Task instructions: The material below holds a span beginning at the line with "(* Let $\mathcal" and ending at the line with "Import GRing.Theory Num.Theory". Quote that span exactly, both ends included, and only that span.
------------------------------------------------------------------------
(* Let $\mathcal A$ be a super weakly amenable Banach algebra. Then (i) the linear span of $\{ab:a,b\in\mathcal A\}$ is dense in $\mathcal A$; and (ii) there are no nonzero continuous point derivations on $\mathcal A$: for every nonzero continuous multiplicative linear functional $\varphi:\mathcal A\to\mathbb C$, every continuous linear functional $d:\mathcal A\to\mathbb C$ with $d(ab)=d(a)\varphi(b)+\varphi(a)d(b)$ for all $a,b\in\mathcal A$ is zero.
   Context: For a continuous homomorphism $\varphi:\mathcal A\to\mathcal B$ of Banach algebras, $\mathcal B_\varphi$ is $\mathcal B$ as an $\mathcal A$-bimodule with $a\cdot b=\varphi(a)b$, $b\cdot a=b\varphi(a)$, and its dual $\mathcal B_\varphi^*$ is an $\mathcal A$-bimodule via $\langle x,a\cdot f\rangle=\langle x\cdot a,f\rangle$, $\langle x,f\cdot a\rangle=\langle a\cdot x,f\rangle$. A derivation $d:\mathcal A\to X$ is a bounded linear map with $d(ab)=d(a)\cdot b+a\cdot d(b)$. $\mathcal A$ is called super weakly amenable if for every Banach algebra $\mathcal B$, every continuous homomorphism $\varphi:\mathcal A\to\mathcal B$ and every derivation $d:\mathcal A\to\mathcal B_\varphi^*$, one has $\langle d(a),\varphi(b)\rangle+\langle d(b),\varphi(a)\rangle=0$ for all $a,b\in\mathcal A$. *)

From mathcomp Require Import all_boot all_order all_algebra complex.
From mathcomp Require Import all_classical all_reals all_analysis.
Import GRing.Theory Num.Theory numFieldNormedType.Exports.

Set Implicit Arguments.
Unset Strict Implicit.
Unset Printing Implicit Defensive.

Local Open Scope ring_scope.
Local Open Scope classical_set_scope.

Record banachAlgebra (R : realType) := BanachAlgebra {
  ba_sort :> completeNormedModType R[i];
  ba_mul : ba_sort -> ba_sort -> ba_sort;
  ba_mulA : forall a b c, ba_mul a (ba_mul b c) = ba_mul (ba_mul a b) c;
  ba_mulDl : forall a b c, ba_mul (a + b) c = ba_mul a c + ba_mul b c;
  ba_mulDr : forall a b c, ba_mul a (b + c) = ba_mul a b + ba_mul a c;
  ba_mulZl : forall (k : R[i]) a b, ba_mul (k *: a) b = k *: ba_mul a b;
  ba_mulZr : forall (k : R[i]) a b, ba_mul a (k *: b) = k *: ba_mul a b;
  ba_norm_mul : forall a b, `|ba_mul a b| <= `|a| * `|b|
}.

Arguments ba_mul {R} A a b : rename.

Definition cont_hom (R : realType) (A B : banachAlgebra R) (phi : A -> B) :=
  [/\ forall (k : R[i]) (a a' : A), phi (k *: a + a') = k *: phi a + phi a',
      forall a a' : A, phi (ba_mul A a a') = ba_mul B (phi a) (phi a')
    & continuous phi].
------------------------------------------------------------------------
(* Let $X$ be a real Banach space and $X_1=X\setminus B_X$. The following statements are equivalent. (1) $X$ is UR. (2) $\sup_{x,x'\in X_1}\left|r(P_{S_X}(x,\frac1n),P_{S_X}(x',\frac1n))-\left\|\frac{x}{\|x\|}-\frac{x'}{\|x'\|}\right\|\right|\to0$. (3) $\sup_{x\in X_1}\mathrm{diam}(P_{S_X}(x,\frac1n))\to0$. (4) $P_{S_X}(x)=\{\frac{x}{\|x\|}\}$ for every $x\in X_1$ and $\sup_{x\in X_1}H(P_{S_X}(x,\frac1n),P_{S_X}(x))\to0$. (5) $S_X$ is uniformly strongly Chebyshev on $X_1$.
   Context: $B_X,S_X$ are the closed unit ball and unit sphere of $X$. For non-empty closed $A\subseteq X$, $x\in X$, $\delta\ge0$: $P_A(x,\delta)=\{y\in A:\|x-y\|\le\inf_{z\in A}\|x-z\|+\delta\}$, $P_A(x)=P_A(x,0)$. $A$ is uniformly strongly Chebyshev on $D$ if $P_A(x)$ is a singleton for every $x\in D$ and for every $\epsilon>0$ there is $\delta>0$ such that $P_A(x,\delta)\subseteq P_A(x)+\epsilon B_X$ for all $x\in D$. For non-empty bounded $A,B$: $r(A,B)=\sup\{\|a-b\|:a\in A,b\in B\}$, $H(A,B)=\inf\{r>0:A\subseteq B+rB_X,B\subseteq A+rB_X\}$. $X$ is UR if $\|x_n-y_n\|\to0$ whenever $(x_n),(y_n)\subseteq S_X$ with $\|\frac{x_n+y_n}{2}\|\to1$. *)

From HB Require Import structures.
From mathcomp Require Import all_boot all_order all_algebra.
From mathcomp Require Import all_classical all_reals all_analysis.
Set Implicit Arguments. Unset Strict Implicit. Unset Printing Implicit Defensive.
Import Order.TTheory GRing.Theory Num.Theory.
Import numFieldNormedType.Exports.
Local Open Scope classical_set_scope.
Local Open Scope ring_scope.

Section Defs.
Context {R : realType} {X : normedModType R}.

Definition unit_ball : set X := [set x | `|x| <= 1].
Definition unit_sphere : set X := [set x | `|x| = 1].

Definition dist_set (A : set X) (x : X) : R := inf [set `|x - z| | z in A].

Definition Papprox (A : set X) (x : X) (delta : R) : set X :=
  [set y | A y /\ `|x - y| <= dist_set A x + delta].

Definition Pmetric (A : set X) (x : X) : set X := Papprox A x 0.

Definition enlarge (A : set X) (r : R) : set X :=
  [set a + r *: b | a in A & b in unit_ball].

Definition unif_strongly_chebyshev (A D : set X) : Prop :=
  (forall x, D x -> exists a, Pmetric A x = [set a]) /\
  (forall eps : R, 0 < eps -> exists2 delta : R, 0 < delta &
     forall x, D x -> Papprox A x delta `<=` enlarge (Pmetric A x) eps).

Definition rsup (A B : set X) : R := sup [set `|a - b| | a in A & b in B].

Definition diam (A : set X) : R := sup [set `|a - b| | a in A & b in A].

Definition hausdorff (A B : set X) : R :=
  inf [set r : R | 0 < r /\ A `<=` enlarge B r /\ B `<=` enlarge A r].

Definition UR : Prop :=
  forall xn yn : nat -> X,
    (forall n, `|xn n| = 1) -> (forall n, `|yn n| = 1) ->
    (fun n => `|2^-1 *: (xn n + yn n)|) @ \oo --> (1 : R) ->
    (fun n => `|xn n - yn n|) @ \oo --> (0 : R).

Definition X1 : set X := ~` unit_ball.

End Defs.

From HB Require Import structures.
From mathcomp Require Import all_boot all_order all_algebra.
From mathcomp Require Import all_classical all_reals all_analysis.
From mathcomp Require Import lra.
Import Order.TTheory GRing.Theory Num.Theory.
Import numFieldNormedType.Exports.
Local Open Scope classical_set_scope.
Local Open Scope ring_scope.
------------------------------------------------------------------------
Result for this exercise:
(* Let $\mathcal A$ be a super weakly amenable Banach algebra. Then (i) the linear span of $\{ab:a,b\in\mathcal A\}$ is dense in $\mathcal A$; and (ii) there are no nonzero continuous point derivations on $\mathcal A$: for every nonzero continuous multiplicative linear functional $\varphi:\mathcal A\to\mathbb C$, every continuous linear functional $d:\mathcal A\to\mathbb C$ with $d(ab)=d(a)\varphi(b)+\varphi(a)d(b)$ for all $a,b\in\mathcal A$ is zero.
   Context: For a continuous homomorphism $\varphi:\mathcal A\to\mathcal B$ of Banach algebras, $\mathcal B_\varphi$ is $\mathcal B$ as an $\mathcal A$-bimodule with $a\cdot b=\varphi(a)b$, $b\cdot a=b\varphi(a)$, and its dual $\mathcal B_\varphi^*$ is an $\mathcal A$-bimodule via $\langle x,a\cdot f\rangle=\langle x\cdot a,f\rangle$, $\langle x,f\cdot a\rangle=\langle a\cdot x,f\rangle$. A derivation $d:\mathcal A\to X$ is a bounded linear map with $d(ab)=d(a)\cdot b+a\cdot d(b)$. $\mathcal A$ is called super weakly amenable if for every Banach algebra $\mathcal B$, every continuous homomorphism $\varphi:\mathcal A\to\mathcal B$ and every derivation $d:\mathcal A\to\mathcal B_\varphi^*$, one has $\langle d(a),\varphi(b)\rangle+\langle d(b),\varphi(a)\rangle=0$ for all $a,b\in\mathcal A$. *)

From mathcomp Require Import all_boot all_order all_algebra complex.
From mathcomp Require Import all_classical all_reals all_analysis.
Import GRing.Theory Num.Theory numFieldNormedType.Exports.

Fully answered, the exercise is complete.